- _What you will do_: Write out the records below word for word, please.

· · ·

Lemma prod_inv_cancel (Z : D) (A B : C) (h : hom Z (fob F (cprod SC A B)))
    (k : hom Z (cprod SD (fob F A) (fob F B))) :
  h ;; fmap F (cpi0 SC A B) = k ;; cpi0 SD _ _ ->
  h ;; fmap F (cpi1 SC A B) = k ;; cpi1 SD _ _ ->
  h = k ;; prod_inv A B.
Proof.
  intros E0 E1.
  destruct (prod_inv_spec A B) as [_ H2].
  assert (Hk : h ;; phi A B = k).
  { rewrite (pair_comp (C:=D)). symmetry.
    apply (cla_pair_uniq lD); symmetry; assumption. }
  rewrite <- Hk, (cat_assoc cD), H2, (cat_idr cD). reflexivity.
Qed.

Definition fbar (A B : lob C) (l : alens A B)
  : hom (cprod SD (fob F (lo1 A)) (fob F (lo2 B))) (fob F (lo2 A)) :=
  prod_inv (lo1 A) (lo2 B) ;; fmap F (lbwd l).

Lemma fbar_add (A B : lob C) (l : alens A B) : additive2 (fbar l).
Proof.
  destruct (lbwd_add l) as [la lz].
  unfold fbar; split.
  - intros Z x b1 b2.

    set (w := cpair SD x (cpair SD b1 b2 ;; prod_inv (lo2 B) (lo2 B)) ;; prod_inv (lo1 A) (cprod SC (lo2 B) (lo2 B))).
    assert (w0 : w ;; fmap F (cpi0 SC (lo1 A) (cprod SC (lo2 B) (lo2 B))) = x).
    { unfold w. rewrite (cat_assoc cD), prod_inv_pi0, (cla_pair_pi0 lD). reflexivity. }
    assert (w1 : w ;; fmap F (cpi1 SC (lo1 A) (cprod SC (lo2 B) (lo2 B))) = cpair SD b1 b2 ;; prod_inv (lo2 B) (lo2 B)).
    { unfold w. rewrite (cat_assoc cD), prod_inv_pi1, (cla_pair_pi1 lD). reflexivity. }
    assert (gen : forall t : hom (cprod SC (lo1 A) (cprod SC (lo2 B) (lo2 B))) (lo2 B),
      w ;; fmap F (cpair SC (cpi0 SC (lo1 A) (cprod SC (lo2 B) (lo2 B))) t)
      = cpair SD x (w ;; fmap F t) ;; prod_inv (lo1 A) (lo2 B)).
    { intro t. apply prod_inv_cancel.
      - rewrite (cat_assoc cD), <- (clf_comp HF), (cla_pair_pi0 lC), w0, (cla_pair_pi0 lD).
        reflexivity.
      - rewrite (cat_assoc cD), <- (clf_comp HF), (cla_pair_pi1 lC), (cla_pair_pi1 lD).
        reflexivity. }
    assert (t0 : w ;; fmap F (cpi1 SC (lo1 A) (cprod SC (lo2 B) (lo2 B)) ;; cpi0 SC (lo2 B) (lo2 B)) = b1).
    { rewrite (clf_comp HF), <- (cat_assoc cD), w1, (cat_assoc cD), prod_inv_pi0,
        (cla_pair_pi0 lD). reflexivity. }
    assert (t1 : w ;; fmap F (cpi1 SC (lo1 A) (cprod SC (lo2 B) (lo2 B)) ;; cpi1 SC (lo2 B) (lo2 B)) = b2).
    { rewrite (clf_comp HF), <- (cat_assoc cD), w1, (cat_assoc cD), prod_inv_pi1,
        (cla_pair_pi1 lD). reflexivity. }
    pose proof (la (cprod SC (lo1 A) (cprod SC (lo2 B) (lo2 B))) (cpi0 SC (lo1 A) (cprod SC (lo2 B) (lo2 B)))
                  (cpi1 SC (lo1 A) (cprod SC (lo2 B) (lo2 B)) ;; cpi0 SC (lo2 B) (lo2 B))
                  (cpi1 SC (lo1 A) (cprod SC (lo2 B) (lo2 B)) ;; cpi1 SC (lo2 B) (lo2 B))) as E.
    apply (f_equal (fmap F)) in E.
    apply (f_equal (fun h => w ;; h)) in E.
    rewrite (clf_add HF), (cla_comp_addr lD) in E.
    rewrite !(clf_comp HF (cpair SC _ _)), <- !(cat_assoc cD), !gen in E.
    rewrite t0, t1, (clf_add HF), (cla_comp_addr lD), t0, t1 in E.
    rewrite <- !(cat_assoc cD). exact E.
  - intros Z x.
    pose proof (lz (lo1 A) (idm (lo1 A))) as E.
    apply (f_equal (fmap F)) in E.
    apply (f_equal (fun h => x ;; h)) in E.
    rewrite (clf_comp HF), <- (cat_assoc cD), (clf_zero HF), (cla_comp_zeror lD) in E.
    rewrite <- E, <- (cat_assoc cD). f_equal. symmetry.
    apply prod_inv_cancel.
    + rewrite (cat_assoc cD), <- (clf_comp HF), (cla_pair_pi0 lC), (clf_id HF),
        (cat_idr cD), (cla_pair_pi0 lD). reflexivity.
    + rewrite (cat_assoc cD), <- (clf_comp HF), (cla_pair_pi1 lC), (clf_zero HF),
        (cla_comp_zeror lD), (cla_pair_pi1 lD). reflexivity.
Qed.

· · ·

- _Response for this exercise_:
Lemma prod_inv_cancel (Z : D) (A B : C) (h : hom Z (fob F (cprod SC A B)))
    (k : hom Z (cprod SD (fob F A) (fob F B))) :
  h ;; fmap F (cpi0 SC A B) = k ;; cpi0 SD _ _ ->
  h ;; fmap F (cpi1 SC A B) = k ;; cpi1 SD _ _ ->
  h = k ;; prod_inv A B.
Proof.
  intros E0 E1.
  destruct (prod_inv_spec A B) as [_ H2].
  assert (Hk : h ;; phi A B = k).
  { rewrite (pair_comp (C:=D)). symmetry.
    apply (cla_pair_uniq lD); symmetry; assumption. }
  rewrite <- Hk, (cat_assoc cD), H2, (cat_idr cD). reflexivity.
Qed.

Definition fbar (A B : lob C) (l : alens A B)
  : hom (cprod SD (fob F (lo1 A)) (fob F (lo2 B))) (fob F (lo2 A)) :=
  prod_inv (lo1 A) (lo2 B) ;; fmap F (lbwd l).

Lemma fbar_add (A B : lob C) (l : alens A B) : additive2 (fbar l).
Proof.
  destruct (lbwd_add l) as [la lz].
  unfold fbar; split.
  - intros Z x b1 b2.

    set (w := cpair SD x (cpair SD b1 b2 ;; prod_inv (lo2 B) (lo2 B)) ;; prod_inv (lo1 A) (cprod SC (lo2 B) (lo2 B))).
    assert (w0 : w ;; fmap F (cpi0 SC (lo1 A) (cprod SC (lo2 B) (lo2 B))) = x).
    { unfold w. rewrite (cat_assoc cD), prod_inv_pi0, (cla_pair_pi0 lD). reflexivity. }
    assert (w1 : w ;; fmap F (cpi1 SC (lo1 A) (cprod SC (lo2 B) (lo2 B))) = cpair SD b1 b2 ;; prod_inv (lo2 B) (lo2 B)).
    { unfold w. rewrite (cat_assoc cD), prod_inv_pi1, (cla_pair_pi1 lD). reflexivity. }
    assert (gen : forall t : hom (cprod SC (lo1 A) (cprod SC (lo2 B) (lo2 B))) (lo2 B),
      w ;; fmap F (cpair SC (cpi0 SC (lo1 A) (cprod SC (lo2 B) (lo2 B))) t)
      = cpair SD x (w ;; fmap F t) ;; prod_inv (lo1 A) (lo2 B)).
    { intro t. apply prod_inv_cancel.
      - rewrite (cat_assoc cD), <- (clf_comp HF), (cla_pair_pi0 lC), w0, (cla_pair_pi0 lD).
        reflexivity.
      - rewrite (cat_assoc cD), <- (clf_comp HF), (cla_pair_pi1 lC), (cla_pair_pi1 lD).
        reflexivity. }
    assert (t0 : w ;; fmap F (cpi1 SC (lo1 A) (cprod SC (lo2 B) (lo2 B)) ;; cpi0 SC (lo2 B) (lo2 B)) = b1).
    { rewrite (clf_comp HF), <- (cat_assoc cD), w1, (cat_assoc cD), prod_inv_pi0,
        (cla_pair_pi0 lD). reflexivity. }
    assert (t1 : w ;; fmap F (cpi1 SC (lo1 A) (cprod SC (lo2 B) (lo2 B)) ;; cpi1 SC (lo2 B) (lo2 B)) = b2).
    { rewrite (clf_comp HF), <- (cat_assoc cD), w1, (cat_assoc cD), prod_inv_pi1,
        (cla_pair_pi1 lD). reflexivity. }
    pose proof (la (cprod SC (lo1 A) (cprod SC (lo2 B) (lo2 B))) (cpi0 SC (lo1 A) (cprod SC (lo2 B) (lo2 B)))
                  (cpi1 SC (lo1 A) (cprod SC (lo2 B) (lo2 B)) ;; cpi0 SC (lo2 B) (lo2 B))
                  (cpi1 SC (lo1 A) (cprod SC (lo2 B) (lo2 B)) ;; cpi1 SC (lo2 B) (lo2 B))) as E.
    apply (f_equal (fmap F)) in E.
    apply (f_equal (fun h => w ;; h)) in E.
    rewrite (clf_add HF), (cla_comp_addr lD) in E.
    rewrite !(clf_comp HF (cpair SC _ _)), <- !(cat_assoc cD), !gen in E.
    rewrite t0, t1, (clf_add HF), (cla_comp_addr lD), t0, t1 in E.
    rewrite <- !(cat_assoc cD). exact E.
  - intros Z x.
    pose proof (lz (lo1 A) (idm (lo1 A))) as E.
    apply (f_equal (fmap F)) in E.
    apply (f_equal (fun h => x ;; h)) in E.
    rewrite (clf_comp HF), <- (cat_assoc cD), (clf_zero HF), (cla_comp_zeror lD) in E.
    rewrite <- E, <- (cat_assoc cD). f_equal. symmetry.
    apply prod_inv_cancel.
    + rewrite (cat_assoc cD), <- (clf_comp HF), (cla_pair_pi0 lC), (clf_id HF),
        (cat_idr cD), (cla_pair_pi0 lD). reflexivity.
    + rewrite (cat_assoc cD), <- (clf_comp HF), (cla_pair_pi1 lC), (clf_zero HF),
        (cla_comp_zeror lD), (cla_pair_pi1 lD). reflexivity.
Qed.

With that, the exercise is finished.